In January 2016 the NIC implemented a risk solvency framework, which is intended to strengthen risk-based supervision with a move to higher risk-based capital requirements. A risk-based component, expressed as the capital adequacy ratio (CAR), seeks to match the amount of capital required by the firm to its size and the level of risk that the firm has taken on. The NIC increased the CAR from 130% in 2015 to 150% in 2016. “The regulators are asking firms to submit the details of their principal offices to comply with four critical functions: actuarial, risk management, audit and compliance,” Kwame Asare Nkansah-Abankwah, actuarial analyst at Hollard Insurance Ghana, told OBG. “Now, we are submitting details. By the end of 2016, we will be measured based on the minimum capital requirements and CARs.”
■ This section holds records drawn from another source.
Lemma sum_card_subcent1_wreath_base_le :
    (forall t, t \in P -> t != 1 -> forall i, t i != i) ->
  (\sum_(u in [set: G] :\: B) #|'C_B[u]|
    <= #|P| * (#|A| ^ r * #|classes [set: A]| ^ r./2))%N.
Proof.
move=> P_free; under eq_bigr do rewrite card_subcent1_wreath_base.
rewrite big_mkcond /=.
under eq_bigr do rewrite in_setD mem_wreath_base in_setT andbT.
rewrite (sum_wreath (fun t g => if t != 1 then #|[set f | wact f t ^ g == f]| else 0)).
rewrite -sum_nat_const; apply: leq_sum => t tP; case: eqP => [_ | /eqP t1] /=.
  by rewrite big1.
(* wact f t is [ffun i => f (t^-1 i)], the twist by t^-1. *)
rewrite exchange_sum_card (leq_trans (sum_card_twisted_conjg_le _ t^-1)) // card_ord leq_mul //.
apply: leq_trans (card_perm_invariant_ffun_le _ _) _.
rewrite leq_pexp2l ?classes_gt0 // geq_half_double -mul2n.
have tV1 : t^-1 != 1 by rewrite eq_invg1.
by have := card_porbits_fixedpoint_free (P_free _ (groupVr tP) tV1); rewrite card_ord.
Qed.

Lemma wreath_nclasses_bounds : regular_perm P ->
  (#|classes [set: A]| ^ r <= #|classes [set: G]| * r
    <= #|classes [set: A]| ^ r + 2 * r * #|classes [set: A]| ^ r./2 * r)%N.
Proof.
move=> P_regular.
have sBG : B \subset [set: G] := subsetT B.
have a_gt0 : (0 < #|A| ^ r)%N by rewrite -card_wreath_base cardG_gt0.
have cardG : #|[set: G]| = (r * #|A| ^ r)%N.
  by rewrite -(Lagrange sBG) /= index_wreath_base card_regular_perm // card_wreath_base mulnC.
have nonbase_le := sum_card_subcent1_wreath_base_le (regular_perm_fixedpoint_free P_regular).
have := sum_card_subcent1S sBG; have := sum_card_subcent1_le sBG.
rewrite /= !sum_card_subcent1 nclasses_wreath_base card_wreath_base index_wreath_base cardG.
rewrite card_regular_perm // in nonbase_le *.
set S := (\sum_(x in _) _)%N in nonbase_le *.
move=> /= upper lower; apply/andP; split; rewrite -(leq_pmul2r a_gt0); first by rewrite -mulnA.
have S_le : (S <= #|classes [set: A]| ^ r./2 * (r * #|A| ^ r))%N.
  by apply: leq_trans nonbase_le _; rewrite [X in (_ <= X)%N]mulnC -mulnA.
by rewrite -mulnA (leq_trans upper) // mulnDl leq_add2l -!mulnA !leq_mul2l S_le !orbT.
Qed.
(* (Gronwall-type lemma.) Let $z\in C^{\beta\text{-Hol}}([-r,T],\mathbb{R}^d)$ and suppose there are constants $A,C>0$ such that for all $0\le s\le t\le T$, $$|||z|||_{\beta,[s,t]}\le A+C\big((t-s)^{1-\beta}+(t-s)^{\nu-\beta}|||\omega|||_{\nu,[s,t]}\big)\|z\|_{\infty,\beta,[s-r,t]}.$$ Let $\mu\in(0,\min\{\tfrac12,C\})$ and let $N(t,\omega)$ be the counting function of the stopping times associated with this $C$ and $\mu$. Then for all $t\in[0,T]$, $$\|z_t\|_{\infty,\beta,[-r,0]}\le(1-2\mu)^{-(N(t,\omega)+1)}\Big[\frac{A}{\mu}+\|z\|_{\infty,\beta,[-r,0]}\Big].$$
   Context: $\|\cdot\|$ is the Euclidean norm; $r,T>0$; $z_t(u)=z(t+u)$, $u\in[-r,0]$. For $0<\alpha\le1$: $|||z|||_{\alpha,[a,b]}=\sup_{a\le s<t\le b}\frac{\|z(t)-z(s)\|}{(t-s)^\alpha}$, $\|z\|_{\infty,\alpha,[a,b]}=\sup_{[a,b]}\|z\|+|||z|||_{\alpha,[a,b]}$, $C^{\alpha\text{-Hol}}$ the space where finite. Parameters: $\nu\in(\tfrac12,1]$, $\beta\in(0,\nu)$, $\omega\in C^{\nu\text{-Hol}}([0,T],\mathbb{R})$ with $\lim_{h\to0}\sup_{0\le s<t\le T,\,t-s\le h}\frac{|\omega(t)-\omega(s)|}{(t-s)^\nu}=0$. Stopping times: given $C>0$ and $\mu\in(0,C)$, $t_0=0$, $t_{i+1}=\sup\{t\in[t_i,T]: C[(t-t_i)^{1-\beta}+(t-t_i)^{\nu-\beta}|||\omega|||_{\nu,[t_i,t]}]\le\mu\}$; counting function $N(t,\omega):=\#\{i\ge1:t_i<t\}$. *)

From Stdlib Require Import Reals Lra List Classical ClassicalEpsilon.
Open Scope R_scope.

(* Supremum of a set of reals: the least upper bound if the set is
   nonempty and bounded above, 0 otherwise. *)
Definition Rsup (E : R -> Prop) : R :=
  match excluded_middle_informative (bound E /\ exists x, E x) with
  | left H => proj1_sig (completeness E (proj1 H) (proj2 H))
  | right _ => 0
  end.

(* x^a for real exponent, with the convention 0^a = 0 (a > 0 in all uses). *)
Definition rpow (x a : R) : R := if Rle_dec x 0 then 0 else Rpower x a.

(* Vectors in R^d are functions nat -> R (only coordinates 0..d-1 matter). *)
Fixpoint sumsq (d : nat) (x : nat -> R) : R :=
  match d with
  | O => 0
  | S n => sumsq n x + x n ^ 2
  end.

Definition vnorm (d : nat) (x : nat -> R) : R := sqrt (sumsq d x).
Definition vdist (d : nat) (x y : nat -> R) : R := vnorm d (fun i => x i - y i).

(* alpha-Hoelder seminorm |||f|||_{alpha,[a,b]} w.r.t. a distance dist;
   0 is included so that the empty case (a = b) gives 0. *)
Definition holsemi {X : Type} (dist : X -> X -> R) (alpha : R) (f : R -> X)
    (a b : R) : R :=
  Rsup (fun q => q = 0 \/ exists s t, a <= s /\ s < t /\ t <= b /\
                   q = dist (f t) (f s) / rpow (t - s) alpha).

Definition supnorm {X : Type} (nrm : X -> R) (f : R -> X) (a b : R) : R :=
  Rsup (fun v => exists u, a <= u /\ u <= b /\ v = nrm (f u)).

Definition holnorm (d : nat) (alpha : R) (z : R -> nat -> R) (a b : R) : R :=
  supnorm (vnorm d) z a b + holsemi (vdist d) alpha z a b.

Definition is_holder {X : Type} (dist : X -> X -> R) (alpha : R) (f : R -> X)
    (a b : R) : Prop :=
  exists K, forall s t, a <= s -> s < t -> t <= b ->
    dist (f t) (f s) <= K * rpow (t - s) alpha.

Definition scal_dist (x y : R) : R := Rabs (x - y).

Definition segment {X : Type} (z : R -> X) (t : R) : R -> X := fun u => z (t + u).
(* Let $\mathcal{A}$ be an arrangement of distinct lines in $\mathbb{P}^2_{\mathbb{C}}$. If $\mathcal{R}(I(\mathcal{A}))$ is disconnected (in the classical topology), then there exists a nonempty subarrangement $\mathcal{A}'\subset\mathcal{A}$ such that $|\operatorname{mult}(\mathcal{A}')\cap H|\ge 3$ for all $H\in\mathcal{A}'$.
   Context: $\operatorname{mult}(\mathcal{B})$ is the set of points of $\mathbb{P}^2$ lying on at least three lines of the arrangement $\mathcal{B}$. Lines are identified with points of $(\mathbb{P}^2)^*$ via their coefficients; $I(\mathcal{A})$ is the set of triples $\{i,j,k\}$ with $H_i\cap H_j\cap H_k\neq\emptyset$; $\mathcal{R}(I)=\{(H_1,\dots,H_n)\in((\mathbb{P}^2)^* )^n: H_i\ne H_j\ (i\ne j),\ \det(H_i,H_j,H_k)=0 \text{ iff } \{i,j,k\}\in I\}$, where $\det$ is the determinant of the coefficient rows. *)

From Stdlib Require Import Reals.
Open Scope R_scope.

Definition C := (R * R)%type.
Definition C0 : C := (0, 0).
Definition Cadd (x y : C) : C := (fst x + fst y, snd x + snd y).
Definition Csub (x y : C) : C := (fst x - fst y, snd x - snd y).
Definition Cmul (x y : C) : C :=
  (fst x * fst y - snd x * snd y, fst x * snd y + snd x * fst y).

(* ---------- vectors of C^3 (coefficients of lines / coordinates of points) *)
Record vec3 := mkV { v0 : C; v1 : C; v2 : C }.

Definition vnz (v : vec3) : Prop := ~ (v0 v = C0 /\ v1 v = C0 /\ v2 v = C0).
Definition vscale (c : C) (v : vec3) : vec3 :=
  mkV (Cmul c (v0 v)) (Cmul c (v1 v)) (Cmul c (v2 v)).

(* u and v represent the same point of P^2 (resp. (P^2)^* ) *)
Definition same_point (u v : vec3) : Prop :=
  exists c : C, c <> C0 /\ v = vscale c u.

Definition dot (u v : vec3) : C :=
  Cadd (Cadd (Cmul (v0 u) (v0 v)) (Cmul (v1 u) (v1 v))) (Cmul (v2 u) (v2 v)).
Definition on_line (p h : vec3) : Prop := dot p h = C0.

Definition det3 (u v w : vec3) : C :=
  Cadd (Csub (Cmul (v0 u) (Csub (Cmul (v1 v) (v2 w)) (Cmul (v2 v) (v1 w))))
             (Cmul (v1 u) (Csub (Cmul (v0 v) (v2 w)) (Cmul (v2 v) (v0 w)))))
       (Cmul (v2 u) (Csub (Cmul (v0 v) (v1 w)) (Cmul (v1 v) (v0 w)))).

(* ---------- arrangements: n lines H_0..H_{n-1}, given by representatives *)
Definition Config := nat -> vec3.

Definition is_arrangement (n : nat) (A : Config) : Prop :=
  (forall i, (i < n)%nat -> vnz (A i)) /\
  (forall i j, (i < n)%nat -> (j < n)%nat -> i <> j -> ~ same_point (A i) (A j)).

Definition TripleSet := nat -> nat -> nat -> Prop.

Definition I_of (A : Config) : TripleSet :=
  fun i j k => exists p, vnz p /\ on_line p (A i) /\ on_line p (A j) /\ on_line p (A k).

(* R(I), as the (saturated) set of representatives in (C^3 \ 0)^n *)
Definition realization_space (n : nat) (I : TripleSet) (G : Config) : Prop :=
  (forall i, (i < n)%nat -> vnz (G i)) /\
  (forall i j, (i < n)%nat -> (j < n)%nat -> i <> j -> ~ same_point (G i) (G j)) /\
  (forall i j k, (i < n)%nat -> (j < n)%nat -> (k < n)%nat ->
     i <> j -> j <> k -> i <> k ->
     (det3 (G i) (G j) (G k) = C0 <-> I i j k)).

(* ---------- classical topology on ((P^2)^* )^n, as a quotient topology *)
Definition Cclose (eps : R) (x y : C) : Prop :=
  Rabs (fst x - fst y) < eps /\ Rabs (snd x - snd y) < eps.
Definition vclose (eps : R) (u v : vec3) : Prop :=
  Cclose eps (v0 u) (v0 v) /\ Cclose eps (v1 u) (v1 v) /\ Cclose eps (v2 u) (v2 v).
Definition cfg_close (n : nat) (eps : R) (x y : Config) : Prop :=
  forall i, (i < n)%nat -> vclose eps (x i) (y i).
An additional requirement of the risk solvency framework is the annual submission of a financial condition report (FCR). Topics covered by the FCR include risk management and internal controls, solvency and investment. To prepare the market for this focus on risk, the NIC issued a governance and risk management framework in 2015.
Coming Years
The NIC is working diligently to ready Ghana’s growing insurance sector for the world of tomorrow. New high-risk endeavours stemming primarily from the energy sector will offer more opportunities for the sector, but also present a significant increase in complexity and risk. Together, the new governance framework, risk-based supervision, more stringent capital requirements and other measures will prepare the sector for the challenges that lie ahead. Reflecting this new chapter in the sector’s history, a replacement to the 2006 Insurance Act is expected to be passed by early 2017. This new insurance statute is likely to codify the changes the NIC has put in place and provide the sector with the legal foundation that it requires to attract investment.